On Thu, Jul 11, 2019 at 09:16:24AM -0700, Sean Christopherson wrote:
> Reclaiming enclaves faces a bit of a conundrum when it comes to lock
> ordering.  The reclaim flows need to take mmap_sem for read, e.g. to age
> and zap PTEs on arbitrary mm_structs.  But reclaim must first walk the
> enclave's list of mm_structs, which could be modified asynchronously to
> reclaim.  Because modifying the list of mm_structs is done in reaction
> to vma changes, i.e. with mmap_sem held exclusively, taking enclave's
> mm_lock to protect the list walk in reclaim would lead to deadlocks due
> to conflicting lock ordering.  To avoid this, SGX currently uses a
> custom walker that drops mm_lock and restarts the walk as needed.

+1

> Use SRCU to protect reclaim instead of using a custom walker to avoid
> the aforementioned lock issues.  Using SRCU improves readability in the
> reclaimer by eliminating the need to juggle mm_lock during reclaim since
> it can take mmap_sem() underneath srcu_read_lock().  And since relcaim
> doesn't drop its SRCU read lock, there is no need to grab a reference to
> encl_mm.

Speaking about "lock issue" would mean to me an actual regression. I do
agree that SRCU is a the right step forward.

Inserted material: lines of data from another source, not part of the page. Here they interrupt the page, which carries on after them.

Ltac mobius_derive r t Hr :=
  generalize (den_sq_pos r t Hr); intro;
  unfold mob_re, mob_im, mob_dr_re, mob_dr_im, rmob_dr_re, rmob_dr_im, num_re, num_im,
    den_conj_cube_re, den_conj_cube_im, cmul_re, cmul_im, den_sq, den_re, den_im,
    mob_scale in *;
  auto_derive; [den_neq_0 | field; lra].

Lemma mob_re_dr r t : -1 < r < 1 -> is_derive (fun r => mob_re r t) r (mob_dr_re r t).
Proof. intro Hr. mobius_derive r t Hr. Qed.
Lemma mob_im_dr r t : -1 < r < 1 -> is_derive (fun r => mob_im r t) r (mob_dr_im r t).
Proof. intro Hr. mobius_derive r t Hr. Qed.
Lemma mob_re_dt r t : -1 < r < 1 -> is_derive (fun t => mob_re r t) t (- (r * mob_dr_im r t)).
Proof. intro Hr. mobius_derive r t Hr. Qed.
Lemma mob_im_dt r t : -1 < r < 1 -> is_derive (fun t => mob_im r t) t (r * mob_dr_re r t).
Proof. intro Hr. mobius_derive r t Hr. Qed.
Lemma rmob_re_dr r t :
  -1 < r < 1 -> is_derive (fun r => r * mob_dr_re r t) r (rmob_dr_re r t).
Proof. intro Hr. mobius_derive r t Hr. Qed.
Lemma rmob_im_dr r t :
  -1 < r < 1 -> is_derive (fun r => r * mob_dr_im r t) r (rmob_dr_im r t).
Proof. intro Hr. mobius_derive r t Hr. Qed.
Lemma rmob_re_dt r t :
  -1 < r < 1 -> is_derive (fun t => r * mob_dr_re r t) t (- (r * rmob_dr_im r t)).
Proof. intro Hr. mobius_derive r t Hr. Qed.
Lemma rmob_im_dt r t :
  -1 < r < 1 -> is_derive (fun t => r * mob_dr_im r t) t (r * rmob_dr_re r t).
Proof. intro Hr. mobius_derive r t Hr. Qed.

> Not taking a reference to encl_mm is not just an optimization, it's also
> functionally necessary and a major motivation to moving to SRCu. Putting
> the reference can invoke sgx_encl_mm_release(), which calls
> synchronize_srcu() and will deadlock if done while holding the SRCU read
> lock.  Not taking a reference paves the way for additional refcounting
> improvements that would be extremely difficult to implement when using
> the custom walker due to cyclical dependencies on the refcount.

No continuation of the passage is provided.